See color differently. An OKLCH palette generator that produces perceptually uniform shades, with APCA contrast built in and multi-format export.

Color ScienceOpen SourceDesign ToolingFront-end
29

Custom palettes

12

Shades per palette

APCA

Contrast standard

3

Export formats

HSL lied. OKLCH tells the truth.

In a design system, color consistency is structural. When a blue-500 and a yellow-500 don't carry the same visual weight, hierarchies break. Surfaces that should feel equivalent don't. Contrast becomes unpredictable. Designers compensate by hand, nudging individual shades until it “looks right.” Then dark mode arrives and every correction starts over. The root cause is HSL: a 50% lightness in blue looks nothing like 50% lightness in yellow. Equal numbers, unequal perception. Every palette generator on the market works in HSL.

OKLCH solves this at the math level. It's a perceptually uniform color space: equal steps in lightness actually look equal to the human eye. Building the Lyse Library token system (5 palettes, 11 shades each, light and dark mode) made this non-negotiable. But no tool existed that combined OKLCH generation with accessibility checking and multi-format export. The options were either academically correct but unusable, or beautiful but perceptually wrong. So the tool got built from scratch.

Magiklch generator interface with OKLCH sliders and shade preview

One seed color. Twelve shades. Zero guesswork.

The generator takes a single seed color and produces 12 perceptually uniform shades. Fine-grained control over lightness, chroma, and hue curves. The output is mathematically correct and visually balanced. No more eyeballing gradients or adjusting individual swatches by hand. One input, one palette, ready to ship.
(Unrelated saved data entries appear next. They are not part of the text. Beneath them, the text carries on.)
Lemma weak_S_contract E u v : weak_S E -> u != v -> [set u; v] \in E ->
  contraction_reduces E (contract E u v).
Proof.
move=> wE uv uvE; have [_ lE _] := wE.
have /orP[du|dv] := lE _ _ uv uvE; last exact: weak_S_contract_low_degree.
rewrite contract_tperm /contraction_reduces.
have vu : v != u by rewrite eq_sym.
have vuE : [set v; u] \in E by rewrite setUC.
have [[wC cardC]|[e eC [wCe cardCe]]] := weak_S_contract_low_degree wE vu vuE du.
  by left; rewrite card_relabel; split => //; apply: weak_S_relabel.
right; exists (tperm u v @: e); first by rewrite mem_relabel.
by rewrite -relabelD1 card_relabel; split => //; apply: weak_S_relabel.
Qed.

Lemma verts_sub F F' : F \subset F' -> verts F \subset verts F'.
Proof.
move=> sFF'; apply/subsetP => x /bigcupP[e eF xe].
by apply/bigcupP; exists e; rewrite ?(subsetP sFF').
Qed.

Section Triangle.
Variables a b c : T.
Hypotheses (ab : a != b) (bc : b != c) (ac : a != c).

Definition triangle := [set [set a; b]; [set b; c]; [set a; c]].
Let corners := [set a; b; c].

Lemma triangle_edge x y : x \in corners -> y \in corners -> x != y ->
  [set x; y] \in triangle.
Proof.
rewrite !inE => /orP[/orP[]|]/eqP-> /orP[/orP[]|]/eqP->; rewrite ?eqxx // => _;
by rewrite ?eqxx ?orbT // setUC eqxx ?orbT.
Qed.

Lemma triangle_others t : t \in corners ->
  exists y z, [/\ y \in corners, z \in corners, y != t, z != t & y != z].
Proof.
rewrite !inE => /orP[/orP[]|]/eqP->; [exists b, c | exists a, c | exists a, b];
by rewrite !inE !eqxx ?orbT; split; rewrite // eq_sym.
Qed.

Lemma verts_triangle : verts triangle = corners.
Proof.
apply/setP => x; apply/bigcupP/idP => [[e]|xS].
  by rewrite !inE => /orP[/orP[]|]/eqP->; rewrite !inE => /orP[]/eqP->; rewrite eqxx ?orbT.
have [y [z [yS _ yx _ _]]] := triangle_others xS.
by exists [set x; y]; rewrite ?set21 // triangle_edge // eq_sym.
Qed.

Lemma triangle_biconnected : biconnected triangle.
Proof.
rewrite /biconnected verts_triangle; split.
- by apply/set0Pn; exists [set a; b]; rewrite !inE eqxx.
- move=> x y xS yS; case: (eqVneq x y) => [->|xy]; first exact: connect0.
  by apply: connect1; rewrite /adjF triangle_edge.
- move=> z _ x y; rewrite !in_setD1 => /andP[xz xS] /andP[yz yS].
  case: (eqVneq x y) => [->|xy]; first exact: connect0.
  apply: connect1; rewrite /adjF inE triangle_edge //= !inE negb_or.
  by rewrite eq_sym xz eq_sym yz.
Qed.

Lemma triangle_corner_degree E t p : triangle \subset E ->
  t \in corners -> p \notin corners -> [set p; t] \in E -> 3 <= degree E t.
Proof.
move=> triE tS pS ptE; have [y [z [yS zS yt zt yz]]] := triangle_others tS.
have p_neq q : q \in corners -> p != q by move=> qS; apply: contraNneq pS => ->.
have cornerE q : q \in corners -> q != t -> [set t; q] \in E.
  by move=> qS qt; apply: (subsetP triE); apply: triangle_edge; rewrite // eq_sym.
apply: (degree_ge3 (x := p) (y := y) (z := z)) => //;
  first [exact: p_neq | exact: cornerE | by rewrite setUC].
Qed.

Lemma triangle_block E : simple_graph E -> low_degree_edges E -> triangle \subset E ->
  block E triangle.
Proof.
move=> sE lE triE; split=> // [|F' triF' F'E [_ conF' cutF']].
  exact: triangle_biconnected.
apply/eqP; rewrite eqEsubset triF' andbT; apply/subsetP => g gF'; apply: contraT => gT.
have [w wg wS] : exists2 w, w \in g & w \notin corners.
  have /eqP/cards2P[p [q [pq gpq]]] := sE g (subsetP F'E g gF').
  case: (boolP (p \in corners)) => pS; last by exists p; rewrite // gpq set21.
  case: (boolP (q \in corners)) => qS; last by exists q; rewrite // gpq set22.
  by move: gT; rewrite gpq triangle_edge.
have cornersF' : corners \subset verts F' by rewrite -verts_triangle verts_sub.
have wF' : w \in verts F' by apply/bigcupP; exists g.
have aS : a \in corners by rewrite !inE eqxx.
have [p [t [pS tS ptF']]] :=
  connect_crossing (conF' _ _ wF' (subsetP cornersF' a aS)) wS aS.
have [s [_ [sS _ st _ _]]] := triangle_others tS.
have tF' : t \in verts F' by apply/bigcupP; exists [set p; t]; rewrite ?set22.
have wt : w \in verts F' :\ t by rewrite in_setD1 wF' andbT; apply: contraNneq wS => ->.
have sF't : s \in verts F' :\ t by rewrite in_setD1 st (subsetP cornersF').
have [p' [t' [p'S t'S]]] := connect_crossing (cutF' t tF' w s wt sF't) wS sS.
rewrite /adjF inE => /andP[p't'F' tp't'].
have tt' : t != t' by apply: contraNneq tp't' => ->; rewrite set22.
have := lE t t' tt' (subsetP triE _ (triangle_edge tS t'S tt')).
rewrite leqNgt (triangle_corner_degree triE tS pS (subsetP F'E _ ptF')).
by rewrite leqNgt (triangle_corner_degree triE t'S p'S (subsetP F'E _ p't'F')).
Qed.

End Triangle.

Lemma property_S_triangle_free E : simple_graph E -> property_S E -> triangle_free E.
Proof.
move=> sE [lE noTri] a b c ab bc ac abE bcE acE; apply: noTri.
exists (triangle a b c); split; last by exists a, b, c.
apply: triangle_block => //.
by apply/subsetP => e; rewrite !inE => /orP[/orP[]|]/eqP->.
Qed.

Lemma move_card E E' : move E E' -> #|E'| < #|E|.
Proof.
case=> [e eE|u v _ uvE]; first by rewrite (cardsD1 e E) eE.
by apply: leq_ltn_trans (leq_imset_card _ _) _; rewrite (cardsD1 [set u; v] E) uvE.
Qed.

Lemma edge_set_card_ind (P : {set {set T}} -> Prop) :
  (forall E, (forall E', #|E'| < #|E| -> P E') -> P E) -> forall E, P E.
Proof.
move=> IH E; have [n] := ubnP #|E|; elim: n E => // n IHn E /ltnSE cardE.
by apply: IH => E' ltE'; apply: IHn; apply: leq_trans ltE' cardE.
Qed.

Lemma PposP E : Ppos E -> forall E', move E E' -> Npos E'.
Proof. by case. Qed.

Lemma NposP E : Npos E -> exists2 E', move E E' & Ppos E'.
Proof. by case=> {}E E'; exists E'. Qed.

Lemma Ppos_Npos E : Ppos E -> ~ Npos E.
Proof.
elim/edge_set_card_ind: E => E IH PE /NposP[E' mvE' PE'].
exact: IH (move_card mvE') PE' (PposP PE mvE').
Qed.

Lemma weak_S_outcome E : weak_S E -> if odd #|E| then Npos E else Ppos E.
Proof.
elim/edge_set_card_ind: E => E IH wE.
have delete_edge e : e \in E ->
    #|E| = #|E :\ e|.+1 /\ (if odd #|E :\ e| then Npos (E :\ e) else Ppos (E :\ e)).
  move=> eE; have cardE : #|E| = #|E :\ e|.+1 by rewrite (cardsD1 e) eE.
  by split=> //; apply: IH; [rewrite cardE | apply: weak_S_sub wE; apply: subsetDl].
case: ifP => oddE.
  have [e eE] : exists e, e \in E by apply/set0Pn; rewrite -card_gt0; case: #|E| oddE.
  have [cardE] := delete_edge e eE; rewrite cardE /= in oddE.
  by rewrite (negPf oddE); apply/Npos_intro/move_delete.
constructor => _ [e eE|u v uv uvE].
  have [cardE] := delete_edge e eE; rewrite cardE /= in oddE.
  by rewrite (negbFE oddE).
have [[wC cardC]|[e eC [wCe cardCe]]] := weak_S_contract wE uv uvE.
  have := IH _ (move_card (move_contract uv uvE)) wC.
  by rewrite cardC /= in oddE; rewrite (negbFE oddE).
apply: (Npos_intro (move_delete eC)).
have ltE : #|contract E u v :\ e| < #|E| by rewrite cardCe ltnW.
by have := IH _ ltE wCe; rewrite cardCe /= negbK in oddE; rewrite oddE.
Qed.

End WeakS.

Theorem theorem3 (T : finType) (E : {set {set T}}) :
  simple_graph E -> property_S E ->
  (Ppos E <-> ~~ odd #|E|).
Proof.
move=> sE SE.
have wE : weak_S E by split=> //; [case: SE | exact: property_S_triangle_free].
have := weak_S_outcome wE; case: (odd #|E|) => outcome; split=> //.
by move=> PE; case: (Ppos_Npos PE outcome).
Qed.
But generating colors is only half the problem. The other half is knowing whether they're actually usable. Every shade in Magiklch is checked against APCA readability thresholds in real time. Not WCAG 2.1 contrast ratios, which are known to be unreliable for modern displays. APCA (Accessible Perceptual Contrast Algorithm) measures how text actually appears on screen. The full contrast matrix shows every combination: which shade works for body text, which works for large text, which fails. No ambiguity.

Magiklch APCA contrast matrix showing readability scores across all shade combinations

Built for the workflow. Not the demo.

The tool ships with 29 ready-to-use palettes: 22 inspired by Tailwind defaults, 7 custom additions. A catalogue to browse, a shuffle mode to discover unexpected combinations. But the real value is in the output. Every palette exports as CSS custom properties, Tailwind config, or JSON. Copy and ship. The entire tool was built with Lyse Library components, making it both a product and a proof of the design system it was built to serve.

Magiklch also includes Blocks: pre-built UI patterns (login forms, dashboards, landing sections) that preview in real time with the generated palette. The goal is to see how colors behave in context, not just as isolated swatches. A palette that looks balanced in a grid can fall apart in a real interface. Blocks close that gap before the colors ever reach production.

Magiklch Blocks feature showing a live UI preview with the generated palette

Scratch your own itch. Then open-source it.

Magiklch started as an internal tool to generate Lyse's token palettes. The decision to open-source it came from a simple observation: every design system team faces the same problem. Generating accessible, perceptually uniform color scales is hard, and the existing tools don't take it seriously. Making it public cost nothing and compounded the value.

The deeper lesson was about building tools that serve the workflow, not the other way around. Every feature in Magiklch exists because it solved a real friction point during Lyse's development. The contrast matrix exists because manually checking shade combinations was taking hours. The export formats exist because copying values between tools was error-prone. The Blocks feature exists because palettes that look good in isolation kept breaking in real interfaces. When the tool comes from the work, it tends to be useful to anyone doing similar work.